Hari itu kota Mekah panas menyengat seolah dari
celah-celah setiap butiran pasirnya mengeluarkan uap dari tungku perapian.
Meski begitu, kegiatan manusia seperti tak pernah ada habisnya. Aku menyaksikan
orang berduyun-duyun kemudian berkumpul di tepian kota Mekah, di sebuah
lapangan gersang yang membara. Di lapangan itu tertancap beberapa puluh tiang
yang digunakan untuk membelenggu para budak yang memeluk agama baru, Al Islam.
Para petinggi kaum Qurays Mekah yang juga merupakan para tuan dari budak-budak
itu sebagian berdiri mengawasi, sebagian lagi mencambuki para budaknya.
Sebagian kecil dari penonton yang notabene adalah para penganut agama nenek
moyang itu tertawa, seolah mereka sedang menyaksikan sekawanan binatang hina
yang pantas untuk dijadikan korban cambukan. Sebagian lagi menonton dengan
perasaan haru, tak tega, dan tentu saja: ketakutan. Apa yang mereka saksikan
siang ini adalah serupa ancaman bahwa siapapun yang mengikuti agama baru, maka
harus siap menerima penyiksaan serupa.
Di sana, di balik kerumunan para masyarakat Mekah, aku
menyaksikan seorang pemuda yang matanya begitu tajam, namun dari mata yang sama
itu pula tampak dua buah naungan yang meneduhkan. Hari ini ia mengenakan baju
gamis berwarna cokelat terang dan kain sorban berwarna senada yang menjuntai
dari belakang kepalanya. Ia masih begitu muda, tapi sosoknya sejajar dengan
para petinggi Qurays yang sebagian besar sudah mulai sepuh. Ia masih begitu
muda, tapi tak ada satu pun masyarakat Mekah yang meragukan kebijaksanaannya.
Ia masih begitu muda, tapi setiap orang yang berpapasan dengannya selalu
menaruh hormat. Ia disegani karena ilmu dan kebijaksanaan. Ia juga ditakuti
karena keberanian dan keteguhan hati.
Apa yang terjadi di kota Mekah saat ini juga merupakan
buah pikirannya. Dialah yang mengusulkan agar setiap kaum mengurusi kaumnya
masing-masing. Dia pula yang mengusulkan agar siapa pun yang memiliki saudara
yang masuk Islam maka harus memberikan tekanan kepada saudaranya tersebut hingga
mereka bersedia murtad. Terlebih urusan tuan yang memiliki budak-budak Muslim. Hukuman
yang diberikan harus lah lebih keras lagi.

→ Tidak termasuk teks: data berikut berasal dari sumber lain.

(* Let $G$ be a directed graph in which every vertex is reachable from a vertex $s$, let $t$ be a vertex of $G$, and let $k\ge 1$ be an integer. Assume that for no $\ell\in\{k,\dots,2k-1\}$ does $G$ contain an $(s,t)$-path of length exactly $dist_G(s,t)+\ell$, and that $G$ contains an $(s,t)$-path of length at least $dist_G(s,t)+k$; let $P$ be such a path of minimum length. For $i\ge0$ let $L_i$ be the set of vertices at distance exactly $i$ from $s$. Let $p$ be the smallest integer $i\ge1$ such that $L_i$ contains more than one vertex of $P$, and let $u,v$ be the first and second vertices of $P$ (in order along $P$) lying in $L_p$. Let $x$ be the vertex of $P_{u,v}$ such that $P_{u,x}$ has length exactly $k$ (the path $P_{u,v}$ has more than $k$ edges). Let $k'=\min\{k+1,|V(P_{x,v})|\}$ and let $y$ be the first vertex of the subpath of $P_{u,v}$ formed by its last $k'$ vertices. Let $k''=\min\{2k+1,|V(P_{v,t})|\}$ and let $z$ be the last vertex of the subpath of $P_{v,t}$ formed by its first $k''$ vertices. Then every path $P'$ from $u$ to $x$ of length at most $k$ in the induced subgraph $G[\bigcup_{i\ge p}L_i]$ that is vertex disjoint from $P_{y,z}$ is vertex disjoint from $P_{x,v}$ except at the vertex $x$.
   Context: Paths are simple directed paths; the length of a path is its number of edges. $dist_G(a,b)$ denotes the length of a shortest directed $(a,b)$-path in $G$. For a path $P$ and vertices $a,b$ on it (with $a$ before $b$), $P_{a,b}$ denotes the subpath of $P$ from $a$ to $b$. *)

From mathcomp Require Import all_boot.
Set Implicit Arguments. Unset Strict Implicit. Unset Printing Implicit Defensive.

Section Defs.
Variables (V : finType) (e : rel V).

Definition spath (a b : V) (q : seq V) : bool :=
  if q is x :: q' then [&& x == a, path e x q', uniq q & last x q' == b]
  else false.

Definition plen (q : seq V) : nat := (size q).-1.

(* dist a b = length of a shortest directed (a,b)-path
   (equal to #|V| when b is unreachable from a). *)
Definition dist (a b : V) : nat :=
  find (fun n => [exists q : (n.+1).-tuple V, spath a b q]) (iota 0 #|V|).

End Defs.

(* subpath of P between positions i and j (inclusive, 0-based) *)
Definition segment (T : Type) (P : seq T) (i j : nat) : seq T :=
  drop i (take j.+1 P).

From mathcomp Require Import all_boot zify.
Set Implicit Arguments. Unset Strict Implicit. Unset Printing Implicit Defensive.

(* Suppose P' meets P strictly after x.  Let w be the first vertex of P' (after
   j < k steps from u) lying on P after x, at position m of P; then
   dist s w <= p + j < p + k.  Two s-t paths control where m can be.
   - A shortest s-v path lies in the layers below p except at v, while P lies in
     the layers >= p from u on (distances grow by at most 1 along P, so each
     layer 0 < i < p meets P before u, and only once); so it extends by P_{v,t}
     to an s-t path of length p + |P_{v,t}|, shorter than P.  By minimality of
     P this length is < dist s t + k, and it is >= dist s t.
   - P_{s,u}, then P'_{u,w}, then P_{w,t} is again an s-t path (P' stays in the
     layers >= p), shorter than P since w comes after x = P[iu + k].
   If m >= iv + 2k, then dist s t <= dist s w + |P_{w,t}| forces
   dist s w > p + k; if m + k < iv, the second path is shorter than P, hence
   than dist s t + k, yet longer than p + |P_{v,t}| + k >= dist s t + k.
   So w lies on P_{y,z}, which P' avoids. *)

Section Segments.
Variable T : Type.
Implicit Types (P : seq T) (i j m : nat).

“Muhammad tidak pernah membedakan antara yang kaya dan yang miskin, tuan maupun budak, bangsawan maupun rakyat biasa. Ia memperlakukan dan memuliakan mereka dengan derajat yang sama. Ikuti lah hal itu, Wahai Kaum Qurays. Perlakukan lah siapa pun yang masuk Islam dengan sama kerasnya, baik mereka adalah budak atau anakmu sendiri.” Ucapnya di suatu siang nan terik, di tengah kaumnya.
Syahdan, setelah ucapan tersebut, semua orang kembali
pada keluarganya, kaumnya, sahabat terdekatnya, dengan semangat berkali lipat.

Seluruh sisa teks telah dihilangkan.